Trigonometry and Trigonometric Functions
Logarithmic and Exponential Functions
Problem 1-1
Let z = 2 - 3 i where i is the imaginary unit. Evaluate z z* , where z* is the conjugate of z , and write the answer in standard form.
Problem 1-2
Evaluate and write in standard form \( \dfrac{1-i}{2-i} \) , where i is the imaginary unit.
Problem 2-1
Find all solutions of the equation \( x(x + 3) = - 5 \).
Problem 2-2
Find all values of the parameter m for which the equation \( -2 x^2 + m x = 2 m \) has complex solutions.
Problem 3-1
Let \( f(x) = - x^2 + 3(x - 1) \). Evaluate and simplify \( f(a-1)\).
Problem 3-2
Write, in interval notation, the domain of function \(f\) given by \(f(x) = \sqrt{x^2-16} \).
Problem 3-3
Find and write, in interval notation, the range of function \(f\) given by \(f(x) = - x^2 - 2x + 6 \).
Problem 3-4
Let \(f(x) = \sqrt{x - 2} \) and \(g(x) = x^2 + 2 \); evaluate \( (f_o g)(a - 1) \) for \( a \lt 1 \).
Problem 3-5
Which of the following is a one-to-one function?(There may be more than one answer).
a) \(f(x) = - 2 \) b) \(g(x) = \ln(x^2 - 1) \) c) \(h(x) = |x| + 2 \) d) \(j(x) = 1/x + 2 \) e) \(k(x) = \sin(x) + 2 \) f) \(l(x) = ln(x - 1) + 1 \)
Problem 3-6
What is the inverse of function f given by \(f(x) = \dfrac{-x+2}{x-1}\)?
Problem 3-7
Classify the following functions as even, odd or neither.
a) \(f(x) = - x^3 \) b) \(g(x) = |x|+ 2 \) c) h(x) = \( \ln(x - 1) \)
Problem 3-8
Function \(f \) has one zero only at \(x = -2\).
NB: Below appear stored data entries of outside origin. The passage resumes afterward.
(* Let $p$ be a prime, $\tau\in\mathbb{Z}$, $a,b$ positive integers, and $\alpha,\beta$ nonnegative integers such that $p^\beta$ exactly divides $\gcd(a,b)$ and $p^\alpha$ divides $a+b$. Then $p^{\alpha-\beta}$ divides \[ \binom{a\tau+a-1}{a}\binom{b\tau+b}{b} \] (i.e. the $p$-adic valuation of this integer is at least $\alpha-\beta$).
   Context: Binomial coefficients with negative top argument are defined by $\binom{n}{k}=(-1)^k\binom{-n+k-1}{k}$ for $n<0$, $k\geq0$. *)

From mathcomp Require Import all_boot all_order all_algebra.
Set Implicit Arguments. Unset Strict Implicit. Unset Printing Implicit Defensive.
Import GRing.Theory Num.Theory.
Local Open Scope ring_scope.

(* Generalized binomial coefficient binom(n, k) for n : int, k : nat.
   For n >= 0 it is the usual 'C(n, k); for n < 0 it is
   (-1)^k * binom(-n + k - 1, k), as in the paper. *)
Definition binz (n : int) (k : nat) : int :=
  match n with
  | Posz m => ('C(m, k))%:Z
  | Negz m => (-1) ^+ k * ('C(m + k, k))%:Z   (* Negz m = -(m+1), so -n+k-1 = m+k *)
  end.

From mathcomp Require Import all_boot all_order all_algebra zify.
Import GRing.Theory Num.Theory.
Set Implicit Arguments.
Unset Strict Implicit.
Unset Printing Implicit Defensive.

(* By Kummer's theorem the p-adic valuation of a binomial coefficient
   'C(m + n, m) counts the levels k at which adding m and n in base p carries
   past p^k.  For every level p^k with beta < k <= alpha, p^k divides a + b but
   not a, and then for tau = t > 0 a carry occurs at that level in
   a + (a t - 1) or in b + b t; the two factors together therefore have at
   least alpha - beta carries.  For negative tau the binomials with negative
   top turn into the same ones with the roles of a and b exchanged. *)

Definition carry (q m n : nat) : bool := q <= m %% q + n %% q.

Lemma logn_fact_sum p n N : prime p -> n < N ->
  logn p n`! = \sum_(1 <= k < N) n %/ p ^ k.
Proof.
move=> p_pr ltnN; rewrite logn_fact // (@big_cat_nat _ _ _ n.+1 1 N) //=.
rewrite [X in _ = _ + X]big_nat_cond [X in _ = _ + X]big1 ?addn0 //.
move=> k /andP[/andP[ltnk _] _].
apply: divn_small; apply: leq_trans ltnk _; apply: ltnW.
exact: ltn_expl (prime_gt1 p_pr).
Qed.

Lemma logn_bin_carries p m n N : prime p -> m + n < N ->
  logn p 'C(m + n, m) = \sum_(1 <= k < N) carry (p ^ k) m n.
Proof.
move=> p_pr ltmnN.
have ltmN : m < N by apply: leq_ltn_trans ltmnN; rewrite leq_addr.
have ltnN : n < N by apply: leq_ltn_trans ltmnN; rewrite leq_addl.
have logn_facts :
    logn p (m + n)`! = logn p 'C(m + n, m) + (logn p m`! + logn p n`!).
  have := bin_fact (leq_addr n m); rewrite addKn => <-.
  by rewrite lognM ?muln_gt0 ?fact_gt0 ?bin_gt0 ?leq_addr // lognM ?fact_gt0.
move: logn_facts; rewrite !(@logn_fact_sum p _ N) //.
rewrite (eq_bigr (fun k => m %/ p ^ k + n %/ p ^ k + carry (p ^ k) m n));
  last by move=> k _; rewrite divnD ?expn_gt0 ?prime_gt0.
rewrite !big_split /=; lia.
Qed.

Lemma no_carry_modnD q m n : 0 < q -> ~~ carry q m n ->
  (m + n) %% q = m %% q + n %% q.
Proof.
by move=> q_gt0; rewrite /carry => /negbTE no_carry; rewrite modnD // no_carry mul0n subn0.
Qed.

Lemma modn_add_compl q a b : 0 < q -> q %| a + b -> ~~ (q %| a) ->
  a %% q + b %% q = q.
Proof.
move=> q_gt0; rewrite /dvdn modnD // -lt0n; move: (a %% q) (b %% q) => r s.
by case: leqP => le_rs_q; rewrite ?mul1n ?mul0n ?subn0 => /eqP; lia.
Qed.

(* If neither pair carries, (a + (a t - 1)) %% q + 1 + (b + b t) %% q would be a
   multiple of q lying strictly between q and 2 q. *)
Lemma carry_compl_multiples q a b t :
  0 < q -> q %| a + b -> ~~ (q %| a) -> 0 < t ->
  carry q a (a * t - 1) || carry q b (b * t).
Proof.
move=> q_gt0 q_dvd_ab q_ndvd_a t_gt0.
apply/norP => -[no_carry_a no_carry_b].
have at_gt0 : 0 < a * t.
  by rewrite muln_gt0 t_gt0 andbT lt0n; apply: contraNneq q_ndvd_a => ->.
set u := (a + (a * t - 1)) %% q; set v := (b + b * t) %% q.
have ab_compl := modn_add_compl q_gt0 q_dvd_ab q_ndvd_a.
have u_ge : a %% q <= u by rewrite /u no_carry_modnD // leq_addr.
have v_ge : b %% q <= v by rewrite /v no_carry_modnD // leq_addr.
have u_lt : u < q by rewrite ltn_mod.
have v_lt : v < q by rewrite ltn_mod.
have q_dvd_uv : q %| u + 1 + v.
  rewrite /dvdn /u /v modnDmr -addnA modnDml.
  have -> : a + (a * t - 1) + (1 + (b + b * t)) = (a + b) * t.+1.
    by rewrite mulnSr mulnDl; lia.
  by rewrite -/(dvdn _ _) dvdn_mulr.
clearbody u v; move: (a %% q) (b %% q) ab_compl u_ge v_ge => r s rs r_le s_le.
have : q <= u + 1 + v - q by apply: dvdn_leq; [lia | rewrite dvdn_sub].
lia.
Qed.

Lemma ndvdn_summand d q a b : ~~ (d %| gcdn a b) -> d %| q -> q %| a + b ->
  ~~ (q %| a).
Proof.
move=> d_ndvd_gcd d_dvd_q q_dvd_ab; apply/negP => q_dvd_a.
have q_dvd_b : q %| b by rewrite -(dvdn_addr b q_dvd_a).
apply: (negP d_ndvd_gcd); apply: dvdn_trans d_dvd_q _.
by rewrite dvdn_gcd q_dvd_a.
Qed.

Lemma subn_leq_sum_pos (F : nat -> nat) l m n N : l <= m -> n <= N ->
  (forall k, m <= k < n -> 0 < F k) -> n - m <= \sum_(l <= k < N) F k.
Proof.
move=> le_lm le_nN F_pos; case: (leqP m n) => [le_mn|]; last first.
  by move/ltnW; rewrite -subn_eq0 => /eqP ->.
rewrite (@big_cat_nat _ _ _ m l N) ?(leq_trans le_mn) //=.
rewrite (@big_cat_nat _ _ _ n m N) //=.
apply: leq_trans (leq_addl _ _); apply: leq_trans (leq_addr _ _).
rewrite -[n - m]muln1 -sum_nat_const_nat big_nat_cond [X in _ <= X]big_nat_cond.
by apply: leq_sum => k /andP[mkn _]; apply: F_pos.
Qed.

Lemma pfactor_dvdn_bin_mul p a b t alpha beta :
  prime p -> 0 < a -> 0 < b -> 0 < t ->
  ~~ (p ^ beta.+1 %| gcdn a b) -> p ^ alpha %| a + b ->
  p ^ (alpha - beta) %| 'C(a + (a * t - 1), a) * 'C(b + b * t, b).
Proof.
move=> p_pr a_gt0 b_gt0 t_gt0 gcd_ndvd pa_dvd_ab.
set N := (a + (a * t - 1) + (b + b * t)).+1 + alpha.
rewrite pfactor_dvdn // ?muln_gt0 ?bin_gt0 ?leq_addr //.
rewrite lognM ?bin_gt0 ?leq_addr //.
rewrite !(@logn_bin_carries p _ _ N) ?/N; [|lia..].
rewrite -big_split -[alpha - beta]/(alpha.+1 - beta.+1) /=.
apply: subn_leq_sum_pos => [||k /andP[lt_beta_k le_k_alpha]]; [by []|lia|].
have pk_dvd_ab : p ^ k %| a + b.
  by apply: dvdn_trans pa_dvd_ab; rewrite dvdn_exp2l.
have pk_ndvd_a : ~~ (p ^ k %| a).
  by apply: (ndvdn_summand gcd_ndvd) pk_dvd_ab; rewrite dvdn_exp2l.
have pk_gt0 : 0 < p ^ k by rewrite expn_gt0 prime_gt0.
have := carry_compl_multiples pk_gt0 pk_dvd_ab pk_ndvd_a t_gt0.
by case: carry; case: carry.
Qed.

Local Open Scope ring_scope.

Theorem lemma4p11 (p : nat) (tau : int) (a b alpha beta : nat) :
  prime p -> (0 < a)%N -> (0 < b)%N ->
  (p ^ beta %| gcdn a b)%N -> ~~ (p ^ beta.+1 %| gcdn a b)%N ->
  (p ^ alpha %| a + b)%N ->
  ((p ^ (alpha - beta))%:Z %|
     binz (a%:Z * tau + a%:Z - 1) a * binz (b%:Z * tau + b%:Z) b)%Z.
Proof.
move=> p_pr a_gt0 b_gt0 _ gcd_ndvd pa_dvd_ab; rewrite dvdzE abszM /=.
case: tau => [[|t]|t].
- have -> : a%:Z * 0 + a%:Z - 1 = (a.-1)%N by lia.
  by rewrite /= bin_small ?prednK // mul0n dvdn0.
- have -> : a%:Z * t.+1%:Z + a%:Z - 1 = (a + (a * t.+1 - 1))%N by lia.
  have -> : b%:Z * t.+1%:Z + b%:Z = (b + b * t.+1)%N by lia.
  exact: pfactor_dvdn_bin_mul.
- have -> : a%:Z * Negz t + a%:Z - 1 = Negz (a * t) by rewrite NegzE; lia.
  case: t => [|t].
    have -> : b%:Z * Negz 0 + b%:Z = 0 by rewrite NegzE; lia.
    by rewrite /= (bin_small b_gt0) muln0 dvdn0.
  have -> : b%:Z * Negz t.+1 + b%:Z = Negz (b * t.+1 - 1).
    by rewrite !NegzE; lia.
  rewrite /= !abszM !absz_sign !mul1n /= mulnC.
  rewrite (addnC (b * _ - 1)%N) (addnC (a * _)%N).
  by apply: pfactor_dvdn_bin_mul; rewrite 1?gcdnC 1?addnC.
Qed.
What is the zero of the function \(2f(2x - 5) \)?
Problem 3-9
Which of the following piecewise functions has the graph shown below?
a) \( f(x) = \begin{cases}
x^2 & \text{if} \; x \ge 0 \\
2 & \text{if} \; -2 \lt x \lt 0\\
- x + 1& \text{if} \; x \le -2
\end{cases} \)
b) \( g(x) = \begin{cases}
x^2 & \text{if} \; x \gt 0 \\
2 & \text{if} \; -2 \lt x \le 0\\
- x + 1& \text{if} \; x \le -2
\end{cases} \)
c) \( h(x) = \begin{cases}
x^2 & \text{if} \; x \gt 0 \\
2 & \text{if} \; -2 \lt x \lt 0\\
- x + 1 & \text{if} \; x \lt -2
\end{cases} \)
Problem 3-10
Calculate the average rate of change of function \( f(x) = \dfrac{1}{x} \) as x changes from \( x = a\) to \( x = a + h \).
Problem 4-1
Find the quotient and the remainder of the division \( \dfrac{-x^4+2x^3-x^2+5}{x^2-2} \).
Problem 4-2
Find \( k \) so that the remainder of the division \( \dfrac{4 x^2+2x-3}{2 x + k} \) is equal to \( -1 \)?
Problem 4-3
\( (x - 2) \) is one of the factors of \( p(x) = -2x^4-8x^3+2x^2+32x+24 \). Factor \(p\) completely.
Problem 4-4
Factor \( 16 x^4 - 81 \) completely.
Problem 4-5
Find all solutions to the equation \( (x - 3)(x^2 - 4) = (- x + 3)(x^2 + 2x) \)
Problem 4-6
Solve the inequality \( (x + 2)(x^2-4x-5) \ge (-x - 2)(x+1)(x-3)\)
Problem 4-7
The graph of a polynomial function is shown below. Which of the following functions can possibly have this graph?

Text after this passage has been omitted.